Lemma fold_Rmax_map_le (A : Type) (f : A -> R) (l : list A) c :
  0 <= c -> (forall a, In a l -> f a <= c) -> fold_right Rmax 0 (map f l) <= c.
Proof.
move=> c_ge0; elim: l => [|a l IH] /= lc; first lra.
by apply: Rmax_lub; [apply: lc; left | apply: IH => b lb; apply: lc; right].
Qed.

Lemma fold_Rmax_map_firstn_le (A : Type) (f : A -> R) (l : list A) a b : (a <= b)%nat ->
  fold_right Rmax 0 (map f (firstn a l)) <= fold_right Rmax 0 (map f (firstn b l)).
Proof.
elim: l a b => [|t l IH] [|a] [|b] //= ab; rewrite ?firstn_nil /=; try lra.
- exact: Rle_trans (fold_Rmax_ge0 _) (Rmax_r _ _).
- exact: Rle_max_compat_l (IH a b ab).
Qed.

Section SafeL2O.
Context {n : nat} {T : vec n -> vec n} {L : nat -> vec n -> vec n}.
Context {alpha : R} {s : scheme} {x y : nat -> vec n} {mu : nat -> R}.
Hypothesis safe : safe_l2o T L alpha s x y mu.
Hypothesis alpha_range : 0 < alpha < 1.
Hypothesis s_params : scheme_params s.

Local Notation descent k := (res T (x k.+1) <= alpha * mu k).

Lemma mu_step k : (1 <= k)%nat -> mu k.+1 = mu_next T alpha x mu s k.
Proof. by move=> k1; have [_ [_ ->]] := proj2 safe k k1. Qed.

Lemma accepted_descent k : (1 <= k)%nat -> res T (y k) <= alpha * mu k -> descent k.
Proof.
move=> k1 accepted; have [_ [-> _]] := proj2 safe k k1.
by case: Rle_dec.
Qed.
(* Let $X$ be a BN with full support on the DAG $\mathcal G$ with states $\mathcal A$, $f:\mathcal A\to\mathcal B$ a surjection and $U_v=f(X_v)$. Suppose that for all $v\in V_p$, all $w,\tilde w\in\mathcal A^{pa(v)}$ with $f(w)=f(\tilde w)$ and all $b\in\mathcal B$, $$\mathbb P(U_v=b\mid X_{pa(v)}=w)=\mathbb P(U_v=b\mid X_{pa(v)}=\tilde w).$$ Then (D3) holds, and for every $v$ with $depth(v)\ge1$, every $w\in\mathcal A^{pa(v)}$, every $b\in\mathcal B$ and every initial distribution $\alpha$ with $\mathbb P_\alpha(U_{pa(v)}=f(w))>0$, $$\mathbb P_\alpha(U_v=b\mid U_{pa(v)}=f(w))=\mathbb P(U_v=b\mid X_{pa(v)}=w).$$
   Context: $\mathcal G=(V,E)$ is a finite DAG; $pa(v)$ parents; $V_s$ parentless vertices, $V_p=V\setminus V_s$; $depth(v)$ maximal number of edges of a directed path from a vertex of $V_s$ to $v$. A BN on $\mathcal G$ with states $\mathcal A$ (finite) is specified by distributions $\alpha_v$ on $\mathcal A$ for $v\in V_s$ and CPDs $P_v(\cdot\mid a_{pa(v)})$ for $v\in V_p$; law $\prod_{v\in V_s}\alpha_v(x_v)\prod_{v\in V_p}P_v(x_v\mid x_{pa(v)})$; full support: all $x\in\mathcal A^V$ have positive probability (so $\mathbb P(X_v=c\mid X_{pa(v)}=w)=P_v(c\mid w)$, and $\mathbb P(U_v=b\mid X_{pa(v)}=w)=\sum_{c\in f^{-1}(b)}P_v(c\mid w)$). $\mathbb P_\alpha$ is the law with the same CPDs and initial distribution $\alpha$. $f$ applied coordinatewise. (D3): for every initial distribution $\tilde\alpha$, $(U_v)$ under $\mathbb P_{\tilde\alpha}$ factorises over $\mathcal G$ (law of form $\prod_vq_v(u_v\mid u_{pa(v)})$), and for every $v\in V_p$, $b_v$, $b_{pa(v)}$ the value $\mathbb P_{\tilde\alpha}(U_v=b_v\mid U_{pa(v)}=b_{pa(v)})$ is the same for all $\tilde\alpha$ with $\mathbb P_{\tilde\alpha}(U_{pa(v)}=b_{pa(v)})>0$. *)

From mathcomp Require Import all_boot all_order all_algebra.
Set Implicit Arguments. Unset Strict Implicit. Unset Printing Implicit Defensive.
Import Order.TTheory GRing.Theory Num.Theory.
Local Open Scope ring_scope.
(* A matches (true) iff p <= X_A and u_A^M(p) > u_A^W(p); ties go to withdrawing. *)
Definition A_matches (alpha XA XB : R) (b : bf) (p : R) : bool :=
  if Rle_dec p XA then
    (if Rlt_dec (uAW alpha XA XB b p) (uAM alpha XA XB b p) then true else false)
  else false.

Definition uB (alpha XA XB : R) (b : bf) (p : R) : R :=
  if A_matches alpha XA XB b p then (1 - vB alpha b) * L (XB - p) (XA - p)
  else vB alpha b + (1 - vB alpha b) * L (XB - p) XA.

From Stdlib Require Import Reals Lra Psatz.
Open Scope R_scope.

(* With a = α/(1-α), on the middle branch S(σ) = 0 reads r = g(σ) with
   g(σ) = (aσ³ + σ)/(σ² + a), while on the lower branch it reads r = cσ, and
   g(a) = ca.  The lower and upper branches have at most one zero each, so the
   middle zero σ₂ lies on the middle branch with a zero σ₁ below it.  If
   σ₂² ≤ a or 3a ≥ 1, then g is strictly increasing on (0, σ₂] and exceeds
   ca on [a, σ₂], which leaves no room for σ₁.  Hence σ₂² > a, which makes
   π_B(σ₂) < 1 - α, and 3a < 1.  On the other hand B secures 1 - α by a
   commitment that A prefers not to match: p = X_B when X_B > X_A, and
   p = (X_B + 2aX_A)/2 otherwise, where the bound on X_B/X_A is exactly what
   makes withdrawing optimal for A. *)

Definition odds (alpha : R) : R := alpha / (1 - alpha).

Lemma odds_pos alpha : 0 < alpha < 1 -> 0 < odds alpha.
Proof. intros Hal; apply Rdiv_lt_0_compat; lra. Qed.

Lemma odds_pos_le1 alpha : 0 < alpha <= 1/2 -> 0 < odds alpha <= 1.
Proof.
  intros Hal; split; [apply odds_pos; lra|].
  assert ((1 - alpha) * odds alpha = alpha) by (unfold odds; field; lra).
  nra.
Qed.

_ _ _ _ _ _ _

▸ **BRIEF**
An exact copy of the lines above between the line holding "else vB alpha" and the line holding "g(σ) = (aσ³", inclusive, is the whole answer.

▸ **SOLUTION TO THE PROBLEM**
  else vB alpha b + (1 - vB alpha b) * L (XB - p) XA.

From Stdlib Require Import Reals Lra Psatz.
Open Scope R_scope.

(* With a = α/(1-α), on the middle branch S(σ) = 0 reads r = g(σ) with
   g(σ) = (aσ³ + σ)/(σ² + a), while on the lower branch it reads r = cσ, and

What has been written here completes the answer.